Married couples in New York who have individual retirement accounts may be required to divide them with their spouses when they get divorced. People who are entitled to receive a portion of their spouses’ IRAs will need to make sure they are transferred correctly to avoid potential tax consequences.
Tax-free IRA transfers
Transfers of IRA funds between spouses because of a divorce will be tax-free if certain conditions are met. To qualify as a tax-free transfer, it must be explicitly included in the property settlement or divorce decree. When the funds are transferred, they must also be transferred directly from the account holder’s IRA to a new IRA established in the receiving spouse’s name. If a spouse simply withdraws the money and gives it directly to the other spouse, the account holder will have to pay income taxes on the withdrawn amount and a 10% penalty if he or she is younger than age 59 1/2.
If the receiving spouse receives the funds instead of them being directly transferred into the IRA account, he or she will need to roll them over into an IRA within 60 days. However, 20% of the total amount will be withheld for taxes by the IRS. Even if the funds are transferred directly to a new IRA, the spouse receiving the funds will still need to pay taxes at the time he or she withdraws the money in the future.

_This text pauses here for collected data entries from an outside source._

(* There exists a constant $c>0$ such that for $p=p(n)\le c/n^2$ the following holds asymptotically almost surely: for every nonempty subset $F$ of the hyperedges of $\mathcal H=\mathcal H(\Gamma(n,p))$ there exist a vertex $v$ of $\mathcal H$ and a hyperedge $E\in F$ such that $E$ is the only hyperedge of $F$ containing $v$, and moreover $v$ is pivotal for $E$.
   Context: The random triangular group $\Gamma(n,p)$ is given by a presentation $\langle S\mid R\rangle$, where $|S|=n$ and $R$ contains independently, each with probability $p$, every cyclically reduced word $abc$ of length three over $S\cup S^{-1}$ ($a\neq b^{-1}$, $b\neq c^{-1}$, $c\neq a^{-1}$). Relations are classified: type 1 are words $aaa$ (with $a\in S\cup S^{-1}$); type 2 are words of the form $aab$, $aba$, $baa$ with $a\neq b$, in which $b$ is called pivotal; type 3 are words $abc$ with $a,b,c$ pairwise distinct letters, in which every element is pivotal. The random multi-hypergraph $\mathcal H(\Gamma(n,p))$ has vertex set $S$, and each relation $r\in R$ gives one hyperedge: if $r$ is of type 3, the 3-edge $E=\{a,b,c\}\subseteq S$ of the three generators such that $r$ is built from letters of $E\cup E^{-1}$, with all three vertices pivotal; if $r$ is of type 2, the 2-edge $E=\{a,b\}\subseteq S$ such that $r$ is built from letters of $E\cup E^{-1}$, with the generator corresponding to the pivotal letter of $r$ marked as pivotal for $E$; if $r$ is of type 1 ($r=aaa$ or $r=a^{-1}a^{-1}a^{-1}$ with $a\in S$), the 1-edge $\{a\}$. Asymptotically almost surely means with probability tending to $1$ as $n\to\infty$. *)

From HB Require Import structures.
From mathcomp Require Import all_boot all_order all_algebra.
From mathcomp Require Import all_classical all_reals all_analysis.
Set Implicit Arguments. Unset Strict Implicit. Unset Printing Implicit Defensive.
Import Order.TTheory GRing.Theory Num.Theory.
Local Open Scope ring_scope.

(* A letter of S ∪ S^{-1} with S = 'I_n: (generator, is_inverse). *)
Definition letter (n : nat) := ('I_n * bool)%type.
Definition linv n (x : letter n) : letter n := (x.1, ~~ x.2).

Definition word (n : nat) := (letter n * letter n * letter n)%type.

Definition cyc_red n (w : word n) : bool :=
  let: (a, b, c) := w in
  [&& a != linv b, b != linv c & c != linv a].

Definition CR (n : nat) : {set word n} := [set w | cyc_red w].

Definition type3 n (w : word n) : bool :=
  let: (a, b, c) := w in [&& a != b, b != c & a != c].

(* x is a pivotal letter of w: in type 3 every letter; in type 2
   (aab, aba, baa with a <> b) the letter b. *)
Definition piv_letter n (w : word n) (x : letter n) : bool :=
  let: (a, b, c) := w in
  (type3 w && (x \in [:: a; b; c])) ||
  [|| [&& a == b, c != a & x == c],
      [&& a == c, b != a & x == b]
    | [&& b == c, a != b & x == a]].

Definition verts n (w : word n) : pred 'I_n :=
  let: (a, b, c) := w in fun v => v \in [:: a.1; b.1; c.1].

Definition pivotal n (w : word n) (v : 'I_n) : bool :=
  [exists s : bool, piv_letter w (v, s)].

(* The event of Lemma 2.2, for a given set of relations R: every nonempty
   set F of hyperedges (hyperedges are indexed by relations, multi-hypergraph)
   has a vertex v and E in F with E the only hyperedge of F containing v,
   and v pivotal for E. *)
Definition good n (R : {set word n}) : bool :=
  [forall F : {set word n},
     ((F \subset R) && (F != finset.set0)) ==>
     [exists v : 'I_n, [exists E in F,
        pivotal E v && [forall E' in F, verts E' v ==> (E' == E)]]]].

(* Probability of an event under Γ(n,p): each cyclically reduced word is in R
   independently with probability p. *)
Definition Pr (R : realType) (n : nat) (p : R) (A : pred {set word n}) : R :=
  \sum_(X : {set word n} | (X \subset CR n) && A X)
     p ^+ #|X| * (1 - p) ^+ (#|CR n| - #|X|).

From HB Require Import structures.
From mathcomp Require Import all_boot all_order all_algebra.
From mathcomp Require Import all_classical all_reals all_analysis.
From mathcomp Require Import ring lra zify Rstruct.
Import Order.TTheory GRing.Theory Num.Theory.
Import numFieldNormedType.Exports.
Local Open Scope ring_scope.
Set Implicit Arguments. Unset Strict Implicit. Unset Printing Implicit Defensive.

(* Charge each vertex of a hyperedge E once if it is pivotal for E and twice
   otherwise; a hyperedge hands out at most 3.  In a nonempty family F without a
   vertex of degree one pivotal for its hyperedge, every vertex of F receives at
   least 2, so F spans at most 3|F|/2 vertices.  By the union bound, the failure
   probability is at most the sum of p^|F| over such dense families; as a set U
   of vertices carries at most 8|U|^3 relations and p <= c/n^2, this is O(1/n). *)

Lemma sum_subset_card (V : nmodType) (T : finType) (D : {set T}) (f : nat -> V) :
  \sum_(Y : {set T} | Y \subset D) f #|Y| = \sum_(k < #|D|.+1) f k *+ 'C(#|D|, k).
Proof.
rewrite (partition_big (fun Y : {set T} => (inord #|Y| : 'I_(#|D|.+1))) xpredT) //=.
apply: eq_bigr => k _.
rewrite (eq_bigr (fun _ => f k)); last first.
  by move=> Y /andP[YD /eqP <-]; rewrite inordK // ltnS subset_leq_card.
rewrite sumr_const -cards_draws; congr (_ *+ _).
apply: eq_card => Y; rewrite !inE -topredE /=.
case YD: (Y \subset D) => //=.
have Y_lt : (#|Y| < #|D|.+1)%N by rewrite ltnS subset_leq_card.
apply/eqP/eqP => [<-|Yk]; first by rewrite inordK.
by apply: val_inj; rewrite /= inordK // Yk.
Qed.

Lemma sum_subset_binomial (R : comNzRingType) (T : finType) (D : {set T}) (p : R) :
  \sum_(Y : {set T} | Y \subset D) p ^+ #|Y| * (1 - p) ^+ (#|D| - #|Y|) = 1.
Proof.
rewrite (sum_subset_card _ (fun k => p ^+ k * (1 - p) ^+ (#|D| - k))).
transitivity ((1 - p + p) ^+ #|D|); last by rewrite subrK expr1n.
by rewrite exprDn; apply: eq_bigr => k _; rewrite mulrC.
Qed.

Dividing IRAs and other types of retirement accounts in divorces must be done properly to avoid tax penalties. Withdrawing the money incorrectly can also force the account holder into a higher tax bracket since the withdrawn funds will be counted as income and added to his or her income for the year for tax purposes. People who are preparing to divorce and who have IRAs might want to get help from an experienced divorce lawyer to ensure that the funds are divided correctly to avoid the tax liabilities.